REQUIRED WORK -
Using the data that follows, return exactly the lines from the one that contains "Definition clarke_subgrad (n" through the one that contains "x i >= lo i + eps / a i.", ends included.

RECORDS -

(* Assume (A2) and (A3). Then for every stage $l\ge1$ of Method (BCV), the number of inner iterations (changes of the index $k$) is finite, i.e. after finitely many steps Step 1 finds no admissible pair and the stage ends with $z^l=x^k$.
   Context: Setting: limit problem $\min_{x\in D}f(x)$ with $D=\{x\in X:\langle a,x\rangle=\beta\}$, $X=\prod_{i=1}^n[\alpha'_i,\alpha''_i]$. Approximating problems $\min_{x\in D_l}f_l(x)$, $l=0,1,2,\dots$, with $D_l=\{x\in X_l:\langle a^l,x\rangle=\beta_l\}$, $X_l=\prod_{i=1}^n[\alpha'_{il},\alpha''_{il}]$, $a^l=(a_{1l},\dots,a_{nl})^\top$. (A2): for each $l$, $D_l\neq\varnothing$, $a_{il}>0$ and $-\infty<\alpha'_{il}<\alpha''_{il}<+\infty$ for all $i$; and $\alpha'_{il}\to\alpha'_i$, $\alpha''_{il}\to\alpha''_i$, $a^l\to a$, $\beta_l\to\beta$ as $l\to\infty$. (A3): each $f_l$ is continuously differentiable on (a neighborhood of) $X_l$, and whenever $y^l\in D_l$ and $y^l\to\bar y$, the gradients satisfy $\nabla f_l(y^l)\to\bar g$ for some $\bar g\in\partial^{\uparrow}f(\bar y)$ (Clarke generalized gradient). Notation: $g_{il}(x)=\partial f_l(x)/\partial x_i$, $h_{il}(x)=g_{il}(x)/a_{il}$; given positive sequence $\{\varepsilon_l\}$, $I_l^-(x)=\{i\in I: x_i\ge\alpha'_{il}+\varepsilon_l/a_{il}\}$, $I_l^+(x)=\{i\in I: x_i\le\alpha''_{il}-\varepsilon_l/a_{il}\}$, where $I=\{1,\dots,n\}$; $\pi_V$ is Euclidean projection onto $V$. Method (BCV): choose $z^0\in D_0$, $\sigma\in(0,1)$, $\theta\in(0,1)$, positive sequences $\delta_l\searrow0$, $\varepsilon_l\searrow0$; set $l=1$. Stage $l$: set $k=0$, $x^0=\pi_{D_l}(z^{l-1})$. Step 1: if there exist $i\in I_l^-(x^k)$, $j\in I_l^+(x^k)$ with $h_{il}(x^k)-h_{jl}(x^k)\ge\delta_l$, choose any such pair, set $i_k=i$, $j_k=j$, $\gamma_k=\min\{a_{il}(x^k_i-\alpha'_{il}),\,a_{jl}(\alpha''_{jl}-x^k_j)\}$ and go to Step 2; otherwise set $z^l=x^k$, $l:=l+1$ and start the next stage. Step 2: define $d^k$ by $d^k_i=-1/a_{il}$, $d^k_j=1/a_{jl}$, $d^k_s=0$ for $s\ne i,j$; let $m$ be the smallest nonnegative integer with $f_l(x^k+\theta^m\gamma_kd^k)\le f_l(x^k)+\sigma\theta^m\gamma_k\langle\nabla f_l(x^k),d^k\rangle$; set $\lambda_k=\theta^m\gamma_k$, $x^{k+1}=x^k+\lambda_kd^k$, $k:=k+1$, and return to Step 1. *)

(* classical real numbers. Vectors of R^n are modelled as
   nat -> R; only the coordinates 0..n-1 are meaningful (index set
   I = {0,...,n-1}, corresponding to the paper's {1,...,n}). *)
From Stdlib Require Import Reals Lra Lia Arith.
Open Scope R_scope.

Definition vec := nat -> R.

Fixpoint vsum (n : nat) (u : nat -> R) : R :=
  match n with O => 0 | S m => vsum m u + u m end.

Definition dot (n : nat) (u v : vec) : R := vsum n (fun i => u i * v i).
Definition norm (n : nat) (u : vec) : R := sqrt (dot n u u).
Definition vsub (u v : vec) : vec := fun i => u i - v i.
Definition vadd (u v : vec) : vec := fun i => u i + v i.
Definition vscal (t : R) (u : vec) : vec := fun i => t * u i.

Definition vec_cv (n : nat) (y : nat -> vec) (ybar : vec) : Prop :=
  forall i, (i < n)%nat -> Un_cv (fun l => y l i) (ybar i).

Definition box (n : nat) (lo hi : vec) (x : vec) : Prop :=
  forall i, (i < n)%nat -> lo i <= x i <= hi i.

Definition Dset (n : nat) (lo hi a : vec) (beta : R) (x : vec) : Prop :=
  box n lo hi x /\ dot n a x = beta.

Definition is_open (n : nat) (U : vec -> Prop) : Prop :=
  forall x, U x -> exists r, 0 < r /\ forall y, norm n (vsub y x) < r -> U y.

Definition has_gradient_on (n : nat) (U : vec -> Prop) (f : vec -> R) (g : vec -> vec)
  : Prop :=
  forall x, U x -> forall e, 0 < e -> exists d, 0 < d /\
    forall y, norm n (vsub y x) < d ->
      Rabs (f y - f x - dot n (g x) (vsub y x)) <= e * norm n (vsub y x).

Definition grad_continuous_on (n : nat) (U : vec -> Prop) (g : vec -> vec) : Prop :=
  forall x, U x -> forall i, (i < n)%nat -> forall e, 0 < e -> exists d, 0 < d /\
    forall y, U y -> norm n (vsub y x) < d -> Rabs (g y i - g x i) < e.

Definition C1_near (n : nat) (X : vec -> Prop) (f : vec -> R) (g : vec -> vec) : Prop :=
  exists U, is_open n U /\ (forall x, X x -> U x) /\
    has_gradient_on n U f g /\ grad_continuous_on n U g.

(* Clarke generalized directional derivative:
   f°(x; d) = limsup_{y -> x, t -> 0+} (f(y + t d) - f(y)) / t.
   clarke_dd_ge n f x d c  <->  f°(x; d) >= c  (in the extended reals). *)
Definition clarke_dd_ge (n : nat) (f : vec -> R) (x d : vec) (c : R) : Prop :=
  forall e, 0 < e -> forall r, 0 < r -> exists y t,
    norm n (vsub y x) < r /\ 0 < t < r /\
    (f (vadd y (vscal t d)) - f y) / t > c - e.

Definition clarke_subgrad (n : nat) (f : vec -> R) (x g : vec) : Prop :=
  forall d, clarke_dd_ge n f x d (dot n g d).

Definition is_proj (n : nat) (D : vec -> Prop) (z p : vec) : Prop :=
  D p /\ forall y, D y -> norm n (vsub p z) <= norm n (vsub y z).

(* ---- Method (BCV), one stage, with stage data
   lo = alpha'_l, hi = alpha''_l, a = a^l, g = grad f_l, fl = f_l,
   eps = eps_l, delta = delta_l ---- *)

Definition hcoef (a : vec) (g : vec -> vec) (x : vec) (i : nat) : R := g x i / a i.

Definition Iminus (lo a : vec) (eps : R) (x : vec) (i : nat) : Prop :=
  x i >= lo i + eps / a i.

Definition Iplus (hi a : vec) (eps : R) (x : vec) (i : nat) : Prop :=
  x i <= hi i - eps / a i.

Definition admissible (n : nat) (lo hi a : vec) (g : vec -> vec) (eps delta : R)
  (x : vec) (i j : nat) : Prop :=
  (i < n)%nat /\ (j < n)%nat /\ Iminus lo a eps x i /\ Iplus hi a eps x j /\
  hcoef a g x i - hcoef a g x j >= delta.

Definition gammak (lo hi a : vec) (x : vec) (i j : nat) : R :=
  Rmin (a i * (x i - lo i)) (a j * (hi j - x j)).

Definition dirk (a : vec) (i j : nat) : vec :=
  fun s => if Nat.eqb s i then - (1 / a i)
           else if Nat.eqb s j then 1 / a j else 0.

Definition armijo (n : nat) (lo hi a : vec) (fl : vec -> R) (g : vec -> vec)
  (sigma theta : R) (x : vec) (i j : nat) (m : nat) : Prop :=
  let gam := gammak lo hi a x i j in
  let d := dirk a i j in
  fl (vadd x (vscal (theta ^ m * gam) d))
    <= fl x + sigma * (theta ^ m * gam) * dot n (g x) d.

REPLY TO THE TASK -
Definition clarke_subgrad (n : nat) (f : vec -> R) (x g : vec) : Prop :=
  forall d, clarke_dd_ge n f x d (dot n g d).

Definition is_proj (n : nat) (D : vec -> Prop) (z p : vec) : Prop :=
  D p /\ forall y, D y -> norm n (vsub p z) <= norm n (vsub y z).

(* ---- Method (BCV), one stage, with stage data
   lo = alpha'_l, hi = alpha''_l, a = a^l, g = grad f_l, fl = f_l,
   eps = eps_l, delta = delta_l ---- *)

Definition hcoef (a : vec) (g : vec -> vec) (x : vec) (i : nat) : R := g x i / a i.

Definition Iminus (lo a : vec) (eps : R) (x : vec) (i : nat) : Prop :=
  x i >= lo i + eps / a i.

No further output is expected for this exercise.